A simple solution prevents perovskite solar cells from degrading in the sun

Perovskite solar cells are emerging as one of the most promising high efficiency, low manufacturing cost photovoltaic technologies to make solar energy more accessible.

But one of its main disadvantages is that perovskite solar cells tend to degrade much faster in direct sunlight than their silicon counterparts, reducing their performance over time.

Now UCLA researchers have found a simple fabrication suitable for repair the cause of the degradationremoving the biggest barrier to commercialization and widespread adoption of the technology.

The usual surface treatment used to eliminate defects in solar cells consists of depositing a layer of organic ions which makes the surface too negatively charged.

The treatment aims to improve the efficiency of energy conversion during the manufacturing process of perovskite solar cells.

The UCLA-led team found that this treatment also unintentionally creates a more electron-rich surface, a potential trap for energy-carrying electrons to congregate on the surface.

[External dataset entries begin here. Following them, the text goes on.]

(* Let $v>0$, $d>0$, $s\ge d/2$ and $\theta\in[0,\pi/3)$. Let $\Lambda_\theta=\{a\,d\,(\cos\theta,\sin\theta)+b\,d\,(\cos(\theta+\pi/3),\sin(\theta+\pi/3)) : a,b\in\mathbb{Z}\}$. Robots start at time $0$ at the positions $(s,0)+q$ for all $q\in\Lambda_\theta$ with $q_x\ge0$ (where $q=(q_x,q_y)$), and move with constant velocity $(-v,0)$; the robot starting at $(s,0)+q$ has reached the target by time $T$ iff $\|(s,0)+q-(vt,0)\|\le s$ for some $t\in[0,T]$. Let $N(T)$ be the number of robots that have reached the target by time $T$ and $f_h(T,\theta)=\frac{N(T)-1}{T}$. Then $\lim_{T\to\infty}f_h(T,\theta)$ exists and $$\lim_{T\to\infty}f_h(T,\theta)\in\left(\frac{4vs}{\sqrt3 d^2}-\frac{2v\cos(\theta-\pi/6)}{\sqrt3 d},\ \frac{4vs}{\sqrt3 d^2}+\frac{2v\cos(\theta-\pi/6)}{\sqrt3 d}\right].$$
   Context: The target is the closed disc of radius $s$ centred at the origin. The robots form a hexagonal packing (triangular lattice of spacing $d$) whose hexagonal packing angle is $\theta$: the angle between the $x$-axis and the segment from any robot to one of its neighbours at $(x+d\cos\theta,y+d\sin\theta)$; by periodicity angles are taken in $[0,\pi/3)$. The robot with $q=0$ is the first to reach the target, at time $0$. $f_h(T,\theta)$ is the throughput at time $T$. *)

From HB Require Import structures.
From mathcomp Require Import all_boot all_order all_algebra.
From mathcomp Require Import finmap.
From mathcomp Require Import all_classical all_reals all_analysis.
Set Implicit Arguments. Unset Strict Implicit. Unset Printing Implicit Defensive.
Import Order.TTheory GRing.Theory Num.Theory.
Import numFieldNormedType.Exports.
Local Open Scope classical_set_scope.
Local Open Scope ring_scope.

Definition latx {R : realType} (d th : R) (a b : int) : R :=
  a%:~R * d * cos th + b%:~R * d * cos (th + pi / 3).
Definition laty {R : realType} (d th : R) (a b : int) : R :=
  a%:~R * d * sin th + b%:~R * d * sin (th + pi / 3).

Definition reached {R : realType} (v d s th T : R) (ab : int * int) : Prop :=
  0 <= latx d th ab.1 ab.2 /\
  exists t : R, 0 <= t <= T /\
    Num.sqrt ((s + latx d th ab.1 ab.2 - v * t) ^+ 2 + (laty d th ab.1 ab.2) ^+ 2) <= s.

Definition Nreached {R : realType} (v d s th T : R) : nat :=
  #|` fset_set [set ab : int * int | reached v d s th T ab] |%fset.

Definition f_h {R : realType} (v d s th T : R) : R :=
  ((Nreached v d s th T)%:R - 1) / T.

From HB Require Import structures.
From mathcomp Require Import all_boot all_order all_algebra.
From mathcomp Require Import finmap.
From mathcomp Require Import all_classical all_reals all_analysis.
From mathcomp Require Import ring lra zify.
Import Order.TTheory GRing.Theory Num.Theory.
Import numFieldNormedType.Exports.
Local Open Scope classical_set_scope.
Local Open Scope ring_scope.
Set Implicit Arguments. Unset Strict Implicit.

(* Group the lattice points into rows [a = const]; consecutive rows are [row_gap = d sqrt 3 / 2]
   apart in the direction of motion, after rescaling [x] by [sin (th + pi / 3)].  Up to a bounded
   number of rows at either end, the robots that have reached the disc by time [T] are the lattice
   points of the strip [|y| <= s] lying in the first [v T sin (th + pi / 3) / row_gap] rows.  Row [a]
   meets the strip in [2 w + 1 - {w + a g} - {w - a g}] points, where [w] is the [half_width]
   [s / (d sin (th + pi / 3))], [g] is the [slope] [sin th / sin (th + pi / 3)] and [{.}] is the
   fractional part.  The Cesaro means of [{u + a g}] exist and lie in [0, 1): for rational [g] they
   are period averages, for irrational [g] they equal [1 / 2], as one sees by averaging over shifts
   by a small fractional part [{k g}].  Hence [N(T) / T] converges to [mu v sin (th + pi / 3) / row_gap]
   with [2 w - 1 < mu <= 2 w + 1]. *)

Section FractionalPart.
Variable R : realType.
Implicit Types (x u g : R) (z : int).

Definition frac x : R := x - (Num.floor x)%:~R.

Lemma frac_ge0 x : 0 <= frac x.
Proof. by rewrite /frac subr_ge0 floor_le. Qed.

Lemma frac_lt1 x : frac x < 1.
Proof. have := floorD1_gt x; rewrite /frac intrD; lra. Qed.

Lemma fracDz x z : frac (x + z%:~R) = frac x.
Proof. by rewrite /frac floorDrz ?intr_int // intrKfloor intrD; ring. Qed.

Lemma frac_id x : 0 <= x -> x < 1 -> frac x = x.
Proof. by move=> x0 x1; rewrite /frac (@floor_def _ x 0) ?subr0 ?x0 ?add0r. Qed.

Lemma frac_floorE x : x = frac x + (Num.floor x)%:~R.
Proof. by rewrite /frac; ring. Qed.

Lemma sum_frac_bounds (F : nat -> R) m n :
  0 <= \sum_(m <= i < n) frac (F i) <= (n - m)%:R.
Proof.
rewrite sumr_ge0 => [|i _]; last exact: frac_ge0.
rewrite -(sumr_const_nat n m 1) ler_sum // => i _.
exact/ltW/frac_lt1.
Qed.

Definition fracsum (n : nat) u g := \sum_(0 <= a < n) frac (u + a%:R * g).

Lemma fracsum_bounds n u g : 0 <= fracsum n u g <= n%:R.
Proof. by rewrite -[n in n%:R]subn0; apply: sum_frac_bounds. Qed.

Lemma fracsum_shift n m u g :
  `|fracsum n (u + m%:R * g) g - fracsum n u g| <= m%:R.
Proof.
pose S i j := \sum_(i <= a < j) frac (u + a%:R * g).
have -> : fracsum n (u + m%:R * g) g = S m (n + m)%N.
  rewrite /S [in RHS](_ : m = 0 + m)%N // big_addn add0n addnK.
  by apply: eq_bigr => a _; rewrite natrD; congr frac; ring.
have split_at k : (k <= n + m)%N -> S 0%N (n + m)%N = S 0%N k + S k (n + m)%N.
  by move=> hk; rewrite /S (@big_cat_nat _ _ _ k).
have := split_at m (leq_addl _ _); have := split_at n (leq_addr _ _).
have b1 : 0 <= S 0%N m <= m%:R.
  by rewrite -[m in m%:R]subn0; apply: sum_frac_bounds.
have b2 : 0 <= S n (n + m)%N <= m%:R.
  by rewrite -[m in m%:R](addKn n); apply: sum_frac_bounds.
rewrite /fracsum -/(S 0%N n) => e1 e2.
rewrite ler_norml; apply/andP; split; lra.
Qed.

End FractionalPart.

Section AsymptoticRate.
Variable R : realType.
Implicit Types (F G : nat -> R) (L M : R).

Definition asymptotic_rate (F : nat -> R) (L : R) :=
  forall e : R, 0 < e -> exists B : R, forall n, `|F n - n%:R * L| <= e * n%:R + B.

Lemma asymptotic_rate_perturb F G L (C : R) :
  asymptotic_rate F L -> (forall n, `|G n - F n| <= C) -> asymptotic_rate G L.
Proof.
move=> hF hGF e e0; have [B hB] := hF e e0; exists (B + C) => n.
have := hB n; have := hGF n; rewrite !ler_norml => /andP[? ?] /andP[? ?].
apply/andP; split; lra.
Qed.

Lemma asymptotic_rateD F G L M : asymptotic_rate F L -> asymptotic_rate G M ->
  asymptotic_rate (fun n => F n + G n) (L + M).
Proof.
move=> hF hG e e0; have e2 : 0 < e / 2 by rewrite divr_gt0.
have [B1 hB1] := hF _ e2; have [B2 hB2] := hG _ e2; exists (B1 + B2) => n.
have := hB1 n; have := hB2 n; rewrite !ler_norml => /andP[? ?] /andP[? ?].
apply/andP; split; nra.
Qed.

Lemma asymptotic_rateN F L : asymptotic_rate F L -> asymptotic_rate (fun n => - F n) (- L).
Proof.
by move=> hF e e0; have [B hB] := hF e e0; exists B => n; rewrite mulrN -opprD normrN.
Qed.

Lemma asymptotic_rate_linear L : asymptotic_rate (fun n => n%:R * L) L.
Proof. by move=> e e0; exists 0 => n; rewrite subrr normr0 addr0 mulr_ge0 // ltW. Qed.

Lemma asymptotic_rate_at (F : nat -> R) (mu r C : R) : asymptotic_rate F mu -> 0 <= r ->
  forall e, 0 < e -> exists K, forall (T : R) (n : nat), 0 <= T ->
    `|n%:R - r * T| <= C -> `|F n - mu * r * T| <= e * T + K.
Proof.
move=> hF r0 e e0; set e' := e / (r + 1).
have e'0 : 0 < e' by rewrite divr_gt0 //; lra.
have e'r : e' * r <= e by rewrite mulrAC ler_pdivrMr; nra.
have [B hB] := hF _ e'0.
exists (e' * C + B + `|mu| * C) => T n T0 hn.
have hnC : n%:R <= r * T + C by move: hn; rewrite ler_norml => /andP[_]; lra.
have h1 : `|n%:R * mu - mu * r * T| <= `|mu| * C.
  by rewrite (_ : _ - _ = mu * (n%:R - r * T)) ?normrM ?ler_wpM2l //; ring.
have h2 : e' * n%:R <= e * T + e' * C.
  by have := ler_wpM2l (ltW e'0) hnC; have := ler_wpM2r T0 e'r; lra.
apply: le_trans (ler_distD (n%:R * mu) _ _) _; have := hB n; lra.
Qed.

This, in turn, destabilizes the ordered arrangement of atoms, and over time perovskite solar cells become less and less efficient.

The UCLA team solved this problem by combining positively charged ions with negatively charged ions to treat the surface. The technique allows the surface to be more neutral and stable to electrons, while preserving the integrity of the defect prevention surface treatments.

The researchers tested their solar cells in the lab under accelerated aging conditions and 24/7 lighting designed to mimic sunlight. Solar cells treated with the new technique managed to retain 87% of their original performance converting sunlight into electricity for over 2,000 hours, far better than solar cells without the treatment, which reduced efficiency to 65%.

Our perovskite solar cells are among the most stable in terms of efficiency to date. At the same time, we have also established new fundamental knowledge, upon which the community can further develop and refine our versatile technique to design even more stable perovskite solar cells.

Shaun Tan, co-author of the study.

More information: www.nature.com (English text).